Resistant starch is any starch (a type of carbohydrate) that goes through most of our digestive tract without being digested. It’s not broken down by our digestive enzymes because it’s “resistant”... until it gets to our gut microbes in the colon. Resistant starch is found in starchy foods like whole grains and potatoes.
One of the big differences between fiber and resistant starch is that all of the fiber we eat is undigestible. All of it reaches our colons. Resistant starch, on the other hand, is just a small percent of the starch we eat. Most starch is digested and absorbed along our digestive tract, and that part is not considered to be prebiotic. Only the small amount of starch that is resistant to digestion and makes it down to the colon to feed our probiotics is prebiotic.
Prebiotic fiber is found in fibrous fruits and vegetables. It’s essentially what’s removed when we make juice - the pulp. It’s one of the reasons why eating whole fruits and vegetables is more healthful than replacing them with juice.
Here are some great sources of dietary fiber:
Resistant starch is found in:
Whole grains (e.g. oats)
Starches can be made resistant by cooking and cooling these foods before eating them.
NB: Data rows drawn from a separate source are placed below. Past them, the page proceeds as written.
(* Let $G$ be a finite simple graph without isolated vertices, with vertices $v_1,\dots,v_n$, and let $f_j=\mathrm{dp}(v_j)$ for $1\le j\le n$ (so $(f_1,\dots,f_n)$ is, up to ordering, the degree polynomial sequence of $G$). Then: (a) $\sum_{j=1}^{n} sc(f_j)$ is even; (b) for every vertex $v$ of $G$ and every term $kx^{i}$ of $\mathrm{dp}(v)$ with $k\neq 0$, there are at least $k$ distinct vertices $w_1,\dots,w_k$ of $G$, all distinct from $v$, such that $sc(\mathrm{dp}(w_1))=\dots=sc(\mathrm{dp}(w_k))=i$; (c) both $\sum_{j:\ sc(f_j)\text{ odd}} sec(f_j)$ and $\sum_{j:\ sc(f_j)\text{ even}} sec(f_j)$ are even integers.
   Context: For a vertex $v$ of a simple graph $G$, the degree polynomial $\mathrm{dp}(v)\in\mathbb{Z}[x]$ is the polynomial in which the coefficient of $x^{i}$ is the number of neighbors of $v$ that have degree $i$ in $G$ (so $\mathrm{dp}(v)=0$ if $v$ is isolated). For a polynomial $f=\sum_i a_i x^i$ with nonnegative integer coefficients, $sc(f)$ denotes the sum of all its coefficients (with $sc(0)=0$), $sec(f)$ the sum of the coefficients $a_i$ with $i$ even, and $soc(f)$ the sum of the coefficients $a_i$ with $i$ odd. The degree polynomial sequence of $G$ is the list of degree polynomials of its vertices arranged in non-increasing order with respect to a fixed total order on polynomials. *)

From HB Require Import structures.
From mathcomp Require Import all_boot all_order all_algebra.
Set Implicit Arguments. Unset Strict Implicit. Unset Printing Implicit Defensive.
Import Order.TTheory GRing.Theory Num.Theory.
Local Open Scope ring_scope.

Definition simple_graph (T : finType) (e : rel T) : Prop :=
  symmetric e /\ irreflexive e.

Definition deg (T : finType) (e : rel T) (v : T) : nat := #|[set w | e v w]|.

Definition dp (T : finType) (e : rel T) (v : T) : {poly int} :=
  \sum_(w in T | e v w) 'X^(deg e w).

Definition sc (f : {poly int}) : int := \sum_(i < size f) f`_i.
Definition sec (f : {poly int}) : int := \sum_(i < size f | ~~ odd i) f`_i.
Definition soc (f : {poly int}) : int := \sum_(i < size f | odd i) f`_i.

From HB Require Import structures.
From mathcomp Require Import all_boot all_order all_algebra.
Import Order.TTheory GRing.Theory Num.Theory.
Local Open Scope ring_scope.

(* Everything reduces to degrees: sc (dp v) is deg v, the coefficient of x^i
   in dp v counts the neighbours of v of degree i, and sec (dp v) counts its
   neighbours of even degree.  Part (a) is then the handshake lemma.  In (c),
   the sum over even-degree vertices counts the ordered edges inside the set of
   even-degree vertices, which is even; the sum over odd-degree vertices counts
   the edges leaving the set of odd-degree vertices, whose parity is that of
   the degree sum over this set, itself even by the handshake lemma. *)

Lemma dvd2z_nat (n : nat) : (2 %| (n%:R : int))%Z = (2 %| n)%N.
Proof. by rewrite natz. Qed.

Lemma sum_sym_even (I : finType) (F : I -> I -> nat) :
    (forall i j, F i j = F j i) -> (forall i, F i i = 0%N) ->
  (2 %| \sum_i \sum_j F i j)%N.
Proof.
(* Split each F i j by comparing ranks; the two halves are exchanged by
   transposing the double sum. *)
move=> Fsym F0; pose r (i : I) := nat_of_ord (enum_rank i).
pose below (i j : I) := if (r j < r i)%N then F i j else 0%N.
have split_F i j : F i j = (below i j + below j i)%N.
  rewrite /below [F j i]Fsym; case: ltngtP; rewrite ?addn0 // /r.
  by move=> /ord_inj/enum_rank_inj ->; rewrite F0.
under eq_bigr do under eq_bigr do rewrite split_F.
under eq_bigr do rewrite big_split.
by rewrite big_split /= [X in (_ + X)%N]exchange_big addnn dvdn2 odd_double.
Qed.

Section Handshake.
Variables (T : finType) (e : rel T).
Hypothesis e_simple : simple_graph e.

Lemma handshake_in (P : pred T) :
  (2 %| \sum_(v | P v) #|[set w | e v w & P w]|)%N.
Proof.
have [e_sym e_irr] := e_simple.
have -> : (\sum_(v | P v) #|[set w | e v w & P w]|
           = \sum_v \sum_w (P v && e v w && P w : nat))%N.
  rewrite big_mkcond; apply: eq_bigr => v _; rewrite -sum1dep_card big_mkcond.
  by case: (P v) => /=; [apply: eq_bigr => w _; case: (_ && _) | rewrite big1].
apply: sum_sym_even => [v w | v]; last by rewrite e_irr andbF.
by rewrite e_sym andbC andbA; case: (P v); case: (P w); case: (e w v).
Qed.

Lemma handshake : (2 %| \sum_v deg e v)%N.
Proof.
have := handshake_in predT; rewrite (eq_bigl predT) //.
by under eq_bigr do under eq_finset do rewrite andbT.
Qed.

Lemma deg_split (Q : pred T) v :
  deg e v = (#|[set w | e v w & Q w]| + #|[set w | e v w & ~~ Q w]|)%N.
Proof.
rewrite /deg -(cardsID [set w | Q w]); congr (_ + _)%N; apply: eq_card => w.
  by rewrite !inE.
by rewrite !inE andbC.
Qed.

Lemma sum_deg_cut_even (P : pred T) :
  (2 %| \sum_(v | P v) deg e v)%N =
  (2 %| \sum_(v | P v) #|[set w | e v w & ~~ P w]|)%N.
Proof.
under eq_bigr do rewrite (deg_split P).
by rewrite big_split dvdn_addr ?handshake_in.
Qed.

Lemma sum_odd_deg_even : (2 %| \sum_(v | odd (deg e v)) deg e v)%N.
Proof.
have := handshake; rewrite (bigID (fun v => odd (deg e v))) /= dvdn_addl //.
by apply: dvdn_sum => v; rewrite dvdn2.
Qed.

End Handshake.

Lemma sum_coef_widen (R : nzSemiRingType) (p : {poly R}) (P : pred nat) n :
  (size p <= n)%N -> \sum_(i < size p | P i) p`_i = \sum_(i < n | P i) p`_i.
Proof.
move=> le_p_n; rewrite (big_ord_widen_cond _ P (fun i => p`_i) le_p_n).
rewrite [LHS]big_mkcond [RHS]big_mkcond; apply: eq_bigr => i _.
by case: (P i); case: ltnP => //= /(nth_default 0) ->.
Qed.

Lemma sum_coef_sum_Xn (R : nzSemiRingType) (I : finType) (Q : pred I)
    (d : I -> nat) (P : pred nat) n :
    (forall w, Q w -> d w < n)%N ->
  \sum_(i < n | P i) (\sum_(w | Q w) 'X^(d w) : {poly R})`_i
    = #|[set w | Q w & P (d w)]|%:R.
Proof.
move=> lt_d_n; rewrite -sum1dep_card natr_sum big_mkcondr /=.
under eq_bigr do rewrite coef_sum.
rewrite exchange_big /=; apply: eq_bigr => w Qw.
rewrite big_mkcond (bigD1 (Ordinal (lt_d_n w Qw))) //= coefXn eqxx big1 ?addr0.
  by case: (P _).
move=> i neq_i_w; rewrite coefXn; case: eqP => [eq_i_w | _]; last by rewrite if_same.
by case/eqP: neq_i_w; apply: val_inj.
Qed.

Section DegreePolynomial.
Variables (T : finType) (e : rel T).

Lemma coef_dp v i : (dp e v)`_i = #|[set w | e v w & deg e w == i]|%:R.
Proof.
rewrite /dp coef_sum -sum1dep_card natr_sum big_mkcond [RHS]big_mkcond /=.
by apply: eq_bigr => w _; rewrite coefXn eq_sym; case: (e v w); case: (_ == _).
Qed.

Lemma sum_coef_dp (P : pred nat) v :
  \sum_(i < size (dp e v) | P i) (dp e v)`_i
    = #|[set w | e v w & P (deg e w)]|%:R.
Proof.
rewrite (@sum_coef_widen _ _ P (maxn (size (dp e v)) #|T|.+1) (leq_maxl _ _)).
rewrite sum_coef_sum_Xn; first by congr (#|_|%:R); apply/setP => w; rewrite !inE.
by move=> w _; rewrite leq_max ltnS max_card orbT.
Qed.

Lemma sc_dp v : sc (dp e v) = (deg e v)%:R.
Proof. by rewrite /sc (sum_coef_dp xpredT) /deg; under eq_finset do rewrite andbT. Qed.

Lemma sec_dp v : sec (dp e v) = #|[set w | e v w & ~~ odd (deg e w)]|%:R.
Proof. exact: (sum_coef_dp (fun i => ~~ odd i)). Qed.

End DegreePolynomial.

Theorem theorem4p12 (T : finType) (e : rel T) :
  simple_graph e ->
  (forall v : T, exists w : T, e v w) ->
  [/\ (2 %| \sum_(v : T) sc (dp e v))%Z,
      (forall (v : T) (i : nat), (dp e v)`_i != 0 ->
         exists W : {set T}, [/\ v \notin W, (dp e v)`_i = (#|W|)%:Z &
                                 forall w, w \in W -> sc (dp e w) = i%:Z])
    & (2 %| \sum_(v : T | ~~ (2 %| sc (dp e v))%Z) sec (dp e v))%Z
      /\ (2 %| \sum_(v : T | (2 %| sc (dp e v))%Z) sec (dp e v))%Z].
Proof.
(* Isolated vertices have dp = 0 and do not affect any of the claims. *)
move=> e_simple _; split.
- under eq_bigr do rewrite sc_dp.
  by rewrite -natr_sum dvd2z_nat handshake.
- move=> v i _; exists [set w | e v w & deg e w == i]; split.
  + by rewrite inE e_simple.2.
  + by rewrite coef_dp natz.
  + by move=> w; rewrite inE sc_dp natz => /andP[_ /eqP ->].
- split.
  + under eq_bigl do rewrite sc_dp dvd2z_nat dvdn2 negbK.
    under eq_bigr do rewrite sec_dp.
    by rewrite -natr_sum dvd2z_nat -sum_deg_cut_even // sum_odd_deg_even.
  + under eq_bigl do rewrite sc_dp dvd2z_nat dvdn2.
    under eq_bigr do rewrite sec_dp.
    rewrite -natr_sum dvd2z_nat.
    exact: (@handshake_in _ _ e_simple (fun v => ~~ odd (deg e v))).
Qed.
The cooling process allows the starches to re-shape themselves into a structure that is harder to digest (i.e., more resistant).
Prebiotics are fiber and resistant starches that feed our gut microbes. And when we feed our gut microbes, they help keep our gut healthy and have other health benefits too.
Do you ever juice your amazingly healthy fruits and vegetables and have a ton of leftover pulp? What do you do with it? I have a great recipe for using that oh so healthy prebiotic fiber in a delicious way.
Recipe (Juice pulp): Brownies
¾ cup cocoa powder, unsweetened (prebiotic)
3 tbsp coconut flour (prebiotic)
1 tbsp baking powder
1 tsp baking soda
½ tsp salt
2 cups juice pulp, firmly packed (prebiotic)
½ cup coconut oil, melted
½ cup maple syrup
Preheat oven to 350F. Line an 8”x8” baking tray with parchment paper.
Add cocoa powder, coconut flour, baking powder, baking soda and salt to a large bowl. Stir to combine.
Whisk eggs, pulp, oil and maple syrup.
Add wet ingredients to the dry ingredients and stir to combine well. Use a spatula to scrape the batter into the baking dish.
Bake for 30 mins until the top is firm and edges just start to pull away from the dish.
Allow the brownies to cool.
Serve & enjoy!
Tip: I like to blend the wet ingredients in my blender to make cleanup easier.